*** Opening THE DATA ***

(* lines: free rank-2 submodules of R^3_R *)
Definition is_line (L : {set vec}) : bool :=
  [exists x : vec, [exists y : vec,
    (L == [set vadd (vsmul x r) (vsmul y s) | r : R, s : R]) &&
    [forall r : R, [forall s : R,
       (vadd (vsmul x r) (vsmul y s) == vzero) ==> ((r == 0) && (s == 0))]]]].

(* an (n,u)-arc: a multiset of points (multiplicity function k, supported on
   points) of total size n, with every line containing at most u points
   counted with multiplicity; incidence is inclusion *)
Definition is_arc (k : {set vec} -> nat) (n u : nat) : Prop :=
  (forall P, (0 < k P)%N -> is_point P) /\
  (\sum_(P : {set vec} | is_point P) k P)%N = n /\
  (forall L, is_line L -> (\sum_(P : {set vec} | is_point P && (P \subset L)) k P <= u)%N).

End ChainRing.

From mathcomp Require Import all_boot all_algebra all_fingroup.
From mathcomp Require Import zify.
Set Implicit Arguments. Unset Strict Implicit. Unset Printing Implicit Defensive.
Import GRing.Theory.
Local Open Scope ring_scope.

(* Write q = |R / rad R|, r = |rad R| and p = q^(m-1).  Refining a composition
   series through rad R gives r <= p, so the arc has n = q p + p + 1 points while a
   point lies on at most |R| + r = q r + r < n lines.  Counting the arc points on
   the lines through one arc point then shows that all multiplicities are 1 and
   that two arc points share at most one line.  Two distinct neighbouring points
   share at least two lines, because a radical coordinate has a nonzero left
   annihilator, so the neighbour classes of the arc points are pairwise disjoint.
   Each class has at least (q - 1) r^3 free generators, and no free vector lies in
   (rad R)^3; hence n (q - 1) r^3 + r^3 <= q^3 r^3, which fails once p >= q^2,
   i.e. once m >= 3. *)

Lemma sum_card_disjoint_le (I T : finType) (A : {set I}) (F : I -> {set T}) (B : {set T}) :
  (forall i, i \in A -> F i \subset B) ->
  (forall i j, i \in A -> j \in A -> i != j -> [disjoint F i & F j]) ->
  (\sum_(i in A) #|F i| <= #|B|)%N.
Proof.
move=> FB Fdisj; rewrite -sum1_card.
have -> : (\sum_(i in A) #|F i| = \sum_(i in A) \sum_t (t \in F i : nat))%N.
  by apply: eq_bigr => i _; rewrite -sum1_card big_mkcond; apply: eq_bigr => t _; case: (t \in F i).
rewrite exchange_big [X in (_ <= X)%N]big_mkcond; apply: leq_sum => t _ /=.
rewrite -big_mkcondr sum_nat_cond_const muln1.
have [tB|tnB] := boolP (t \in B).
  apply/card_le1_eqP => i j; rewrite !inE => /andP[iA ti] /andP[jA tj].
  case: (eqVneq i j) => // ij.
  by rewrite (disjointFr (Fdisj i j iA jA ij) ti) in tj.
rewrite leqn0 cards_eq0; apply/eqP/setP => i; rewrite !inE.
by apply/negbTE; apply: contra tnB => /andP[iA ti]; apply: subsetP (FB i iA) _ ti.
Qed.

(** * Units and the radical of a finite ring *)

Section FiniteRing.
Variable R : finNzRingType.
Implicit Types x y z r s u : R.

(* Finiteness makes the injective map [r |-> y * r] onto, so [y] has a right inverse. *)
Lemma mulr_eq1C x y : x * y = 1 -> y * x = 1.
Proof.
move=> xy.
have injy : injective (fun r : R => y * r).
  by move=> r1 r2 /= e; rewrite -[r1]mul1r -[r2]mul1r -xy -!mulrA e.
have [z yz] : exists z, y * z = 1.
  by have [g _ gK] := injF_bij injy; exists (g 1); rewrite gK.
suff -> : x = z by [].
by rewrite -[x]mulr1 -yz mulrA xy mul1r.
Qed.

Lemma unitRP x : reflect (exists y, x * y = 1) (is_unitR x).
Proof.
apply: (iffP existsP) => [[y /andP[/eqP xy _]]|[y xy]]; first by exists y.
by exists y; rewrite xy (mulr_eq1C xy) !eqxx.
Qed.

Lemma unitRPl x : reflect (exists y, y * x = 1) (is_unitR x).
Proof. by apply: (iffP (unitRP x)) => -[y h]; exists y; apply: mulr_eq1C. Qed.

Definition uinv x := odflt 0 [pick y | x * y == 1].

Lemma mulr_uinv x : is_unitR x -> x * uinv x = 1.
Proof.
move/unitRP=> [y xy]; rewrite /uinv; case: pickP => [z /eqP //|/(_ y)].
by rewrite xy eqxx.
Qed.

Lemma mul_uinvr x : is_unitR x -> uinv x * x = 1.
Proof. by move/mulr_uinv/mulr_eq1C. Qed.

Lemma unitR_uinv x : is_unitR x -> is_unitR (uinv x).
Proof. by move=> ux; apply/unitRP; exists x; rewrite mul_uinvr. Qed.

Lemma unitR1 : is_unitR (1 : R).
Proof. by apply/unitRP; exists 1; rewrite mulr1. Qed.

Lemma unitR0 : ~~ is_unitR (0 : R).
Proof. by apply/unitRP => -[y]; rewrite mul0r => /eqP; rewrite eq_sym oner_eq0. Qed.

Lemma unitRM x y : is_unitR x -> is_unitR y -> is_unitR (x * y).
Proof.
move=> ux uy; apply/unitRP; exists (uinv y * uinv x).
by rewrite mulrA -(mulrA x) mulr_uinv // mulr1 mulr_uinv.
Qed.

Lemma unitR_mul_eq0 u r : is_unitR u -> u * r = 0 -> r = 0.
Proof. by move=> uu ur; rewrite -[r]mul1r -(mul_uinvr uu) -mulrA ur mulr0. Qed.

*** Closing THE DATA ***

Output the entries above word for word.

(* lines: free rank-2 submodules of R^3_R *)
Definition is_line (L : {set vec}) : bool :=
  [exists x : vec, [exists y : vec,
    (L == [set vadd (vsmul x r) (vsmul y s) | r : R, s : R]) &&
    [forall r : R, [forall s : R,
       (vadd (vsmul x r) (vsmul y s) == vzero) ==> ((r == 0) && (s == 0))]]]].

(* an (n,u)-arc: a multiset of points (multiplicity function k, supported on
   points) of total size n, with every line containing at most u points
   counted with multiplicity; incidence is inclusion *)
Definition is_arc (k : {set vec} -> nat) (n u : nat) : Prop :=
  (forall P, (0 < k P)%N -> is_point P) /\
  (\sum_(P : {set vec} | is_point P) k P)%N = n /\
  (forall L, is_line L -> (\sum_(P : {set vec} | is_point P && (P \subset L)) k P <= u)%N).

End ChainRing.

From mathcomp Require Import all_boot all_algebra all_fingroup.
From mathcomp Require Import zify.
Set Implicit Arguments. Unset Strict Implicit. Unset Printing Implicit Defensive.
Import GRing.Theory.
Local Open Scope ring_scope.

(* Write q = |R / rad R|, r = |rad R| and p = q^(m-1).  Refining a composition
   series through rad R gives r <= p, so the arc has n = q p + p + 1 points while a
   point lies on at most |R| + r = q r + r < n lines.  Counting the arc points on
   the lines through one arc point then shows that all multiplicities are 1 and
   that two arc points share at most one line.  Two distinct neighbouring points
   share at least two lines, because a radical coordinate has a nonzero left
   annihilator, so the neighbour classes of the arc points are pairwise disjoint.
   Each class has at least (q - 1) r^3 free generators, and no free vector lies in
   (rad R)^3; hence n (q - 1) r^3 + r^3 <= q^3 r^3, which fails once p >= q^2,
   i.e. once m >= 3. *)

Lemma sum_card_disjoint_le (I T : finType) (A : {set I}) (F : I -> {set T}) (B : {set T}) :
  (forall i, i \in A -> F i \subset B) ->
  (forall i j, i \in A -> j \in A -> i != j -> [disjoint F i & F j]) ->
  (\sum_(i in A) #|F i| <= #|B|)%N.
Proof.
move=> FB Fdisj; rewrite -sum1_card.
have -> : (\sum_(i in A) #|F i| = \sum_(i in A) \sum_t (t \in F i : nat))%N.
  by apply: eq_bigr => i _; rewrite -sum1_card big_mkcond; apply: eq_bigr => t _; case: (t \in F i).
rewrite exchange_big [X in (_ <= X)%N]big_mkcond; apply: leq_sum => t _ /=.
rewrite -big_mkcondr sum_nat_cond_const muln1.
have [tB|tnB] := boolP (t \in B).
  apply/card_le1_eqP => i j; rewrite !inE => /andP[iA ti] /andP[jA tj].
  case: (eqVneq i j) => // ij.
  by rewrite (disjointFr (Fdisj i j iA jA ij) ti) in tj.
rewrite leqn0 cards_eq0; apply/eqP/setP => i; rewrite !inE.
by apply/negbTE; apply: contra tnB => /andP[iA ti]; apply: subsetP (FB i iA) _ ti.
Qed.

(** * Units and the radical of a finite ring *)

Section FiniteRing.
Variable R : finNzRingType.
Implicit Types x y z r s u : R.

(* Finiteness makes the injective map [r |-> y * r] onto, so [y] has a right inverse. *)
Lemma mulr_eq1C x y : x * y = 1 -> y * x = 1.
Proof.
move=> xy.
have injy : injective (fun r : R => y * r).
  by move=> r1 r2 /= e; rewrite -[r1]mul1r -[r2]mul1r -xy -!mulrA e.
have [z yz] : exists z, y * z = 1.
  by have [g _ gK] := injF_bij injy; exists (g 1); rewrite gK.
suff -> : x = z by [].
by rewrite -[x]mulr1 -yz mulrA xy mul1r.
Qed.

Lemma unitRP x : reflect (exists y, x * y = 1) (is_unitR x).
Proof.
apply: (iffP existsP) => [[y /andP[/eqP xy _]]|[y xy]]; first by exists y.
by exists y; rewrite xy (mulr_eq1C xy) !eqxx.
Qed.

Lemma unitRPl x : reflect (exists y, y * x = 1) (is_unitR x).
Proof. by apply: (iffP (unitRP x)) => -[y h]; exists y; apply: mulr_eq1C. Qed.

Definition uinv x := odflt 0 [pick y | x * y == 1].

Lemma mulr_uinv x : is_unitR x -> x * uinv x = 1.
Proof.
move/unitRP=> [y xy]; rewrite /uinv; case: pickP => [z /eqP //|/(_ y)].
by rewrite xy eqxx.
Qed.

Lemma mul_uinvr x : is_unitR x -> uinv x * x = 1.
Proof. by move/mulr_uinv/mulr_eq1C. Qed.

Lemma unitR_uinv x : is_unitR x -> is_unitR (uinv x).
Proof. by move=> ux; apply/unitRP; exists x; rewrite mul_uinvr. Qed.

Lemma unitR1 : is_unitR (1 : R).
Proof. by apply/unitRP; exists 1; rewrite mulr1. Qed.

Lemma unitR0 : ~~ is_unitR (0 : R).
Proof. by apply/unitRP => -[y]; rewrite mul0r => /eqP; rewrite eq_sym oner_eq0. Qed.

Lemma unitRM x y : is_unitR x -> is_unitR y -> is_unitR (x * y).
Proof.
move=> ux uy; apply/unitRP; exists (uinv y * uinv x).
by rewrite mulrA -(mulrA x) mulr_uinv // mulr1 mulr_uinv.
Qed.

Lemma unitR_mul_eq0 u r : is_unitR u -> u * r = 0 -> r = 0.
Proof. by move=> uu ur; rewrite -[r]mul1r -(mul_uinvr uu) -mulrA ur mulr0. Qed.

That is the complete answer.